Philip's "way of improvement" was by no means a smooth one. His passion for "home," which I use broadly in the title of this book to encompass not only his longings for his Cohansey homeland but also his desire for a friendship with his future wife (who lived in Cohansey), and his deep sense of evangelical Calvinist piety (which informed the culture of Cohansey and his Christian calling to the ministry) frequently got in the way of his attempts at Enlightenment self-improvement. In the messiness of everyday life the Enlightenment ideal was often impractical. It demanded a style of living that only a handful of elite intellectuals could attain. Max Hilbert Boehm, writing in 1932, reminded us that cosmopolitanism has always existed in "compromise with nationalism, race consciousness, professional interests, caste feeling, family pride, and even egotism." However, it is precisely these tensions that make Philip's story so interesting. His attempt at easing them is the focus of this book, the very essence of what I have described as Fithian's "rural Enlightenment." My study of this ordinary farmer argues that an Enlightenment life was complex and complicated. It could be lived locally—even in rural and remote places where the dominant social institutions were churches, where modern and naturalistic explanations of the world often merged with theological convictions held by people of faith, where the lines between ambitious self-improvement and Christian vocation might sometimes be blurred, and where circles of friends improved themselves through conversation amid the regular demands of the agricultural calendar.

On one hand, Philip is an Enlightenment (and American) success story: the oldest son of a grain grower who turns his back on the farm to pursue a college education and a life of learning.
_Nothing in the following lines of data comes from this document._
Lemma rule_zero (k : 'I_n) : Rl (fun=> 0) k = 0.
Proof.
have [Rl_ge0 [sum_eq _]] := Rl_rule (fun=> lexx 0).
rewrite [RHS in _ = RHS]big1 // in sum_eq.
exact: (psumr_eq0P (P := xpredT) (fun j _ => Rl_ge0 j) sum_eq).
Qed.

Lemma rule_sum_shift (i : nat) e e' d : inD e -> inD e' ->
  (forall k : 'I_n, (i <= k)%N -> e k = e' k) ->
  (forall k : 'I_n, (i <= k)%N -> Rl e' k - Rl e k = d) ->
  \sum_(k < n | (k < i)%N) (Rl e' k - Rl e k) + d *+ (n - i)
  = \sum_(k < n | (k < i)%N) (e' k - e k).
Proof.
move=> De De' eq_down shift; have [[_ [sum_e _]] [_ [sum_e' _]]] := (Rl_rule De, Rl_rule De').
have : \sum_(k < n) (Rl e' k - Rl e k) = \sum_(k < n) (e' k - e k).
  by rewrite !sumrB sum_e sum_e'.
rewrite !(sum_ord_split_at _ i) (eq_bigr _ shift) sum_ord_geq_const => ->.
by rewrite [X in _ + X]big1 ?addr0 // => k /eq_down ->; rewrite subrr.
Qed.

Hypotheses (UI : upstream_invariance Rl) (DI : downstream_impartiality Rl)
  (BAL : balance Rl).

(* Downstream impartiality equalizes the agents downstream of [i]; balance equalizes [i] with them. *)
Lemma rule_point_inflow_downstream (i : 'I_n) c : 0 <= c ->
  forall k : 'I_n, (i <= k)%N -> Rl (point_inflow i c) k = Rl (point_inflow i c) i.
Proof.
move=> c_ge0 k ik; have Du := point_inflow_inD i c_ge0.
have [-> | c_neq0] := eqVneq c 0; first by rewrite point_inflow0 !rule_zero.
have zero_off j : j != i -> 0 = point_inflow i c j by rewrite /point_inflow => /negbTE ->.
case: (ltnP i n.-1) => [i_last | last_i]; last first.
  by have -> : k = i by apply: val_inj => /=; have := ltn_ord k; lia.
have il : (i.+1 < n)%N by lia.
pose l := Ordinal il.
have down_eq (k' : 'I_n) : (i < k')%N -> Rl (point_inflow i c) k' = Rl (point_inflow i c) l.
  move=> ik'; have := downstream_impartiality_off DI (fun=> lexx 0) Du zero_off (l := l) ik' (ltnSn i).
  by rewrite !rule_zero !subr0; apply.
have bal : Rl (point_inflow i c) i = Rl (point_inflow i c) l.
  have c_gt0 : 0 < point_inflow i c i by rewrite /point_inflow eqxx lt_def c_neq0.
  rewrite (BAL Du i_last c_gt0 (fun j ji => esym (zero_off j ji))).
  rewrite (eq_bigr _ down_eq) sum_ord_geq_const -[Rl _ _ *+ _]mulr_natl mulKf //.
  by rewrite pnatr_eq0 subn_eq0 -ltnNge.
by move: ik; rewrite leq_eqVlt => /orP[/eqP/val_inj <- // | /down_eq ->].
Qed.

Lemma rule_point_inflow (i : 'I_n) c : 0 <= c -> Rl (point_inflow i c) i = c / (n - i)%:R.
Proof.
move=> c_ge0; have Du := point_inflow_inD i c_ge0.
have zero_off j : j != i -> 0 = point_inflow i c j by rewrite /point_inflow => /negbTE ->.
have up0 (k : 'I_n) : (k < i)%N -> Rl (point_inflow i c) k = 0.
  by move=> ki; rewrite -(upstream_invariance_off UI (fun=> lexx 0) Du zero_off ki) rule_zero.
have [_ [sum_eq _]] := Rl_rule Du.
have sum_u : \sum_(j < n) point_inflow i c j = c.
  by rewrite /point_inflow -big_mkcond big_pred1_eq.
move: sum_eq; rewrite sum_u (sum_ord_split_at _ i) big1 => [|k /up0 //].
rewrite add0r (eq_bigr _ (rule_point_inflow_downstream c_ge0)) sum_ord_geq_const => sum_eq.
apply: (mulIf (natr_sub_ord_neq0 R i)).
by rewrite divfK ?natr_sub_ord_neq0 // mulr_natr sum_eq.
Qed.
On the other hand, his life reminds us that even the most eager of eighteenth-century Enlightenment hopefuls balanced rational quests for improvement with longings that could not be explained by reason alone. Philip's cosmopolitanism was tempered by his multiple bouts with homesickness for his rural upbringing and family farm. His efforts to cultivate human relationships based on sober reason were often undermined by passion, especially when it came to his courtship of Elizabeth Beatty. His personal ambition, self-improvement, and Revolutionary optimism were always understood in the context of his belief in a sovereign God's providential ordering of His creation. Though I cannot say so for sure, it appears that Philip's life is symbolic of the struggles that many young men in the late colonial period faced as they responded to the spirit of the age. In the end, whether or not I convince my readers that Philip Vickers Fithian's story is the story of the Enlightenment in America, I still think it is one worth telling.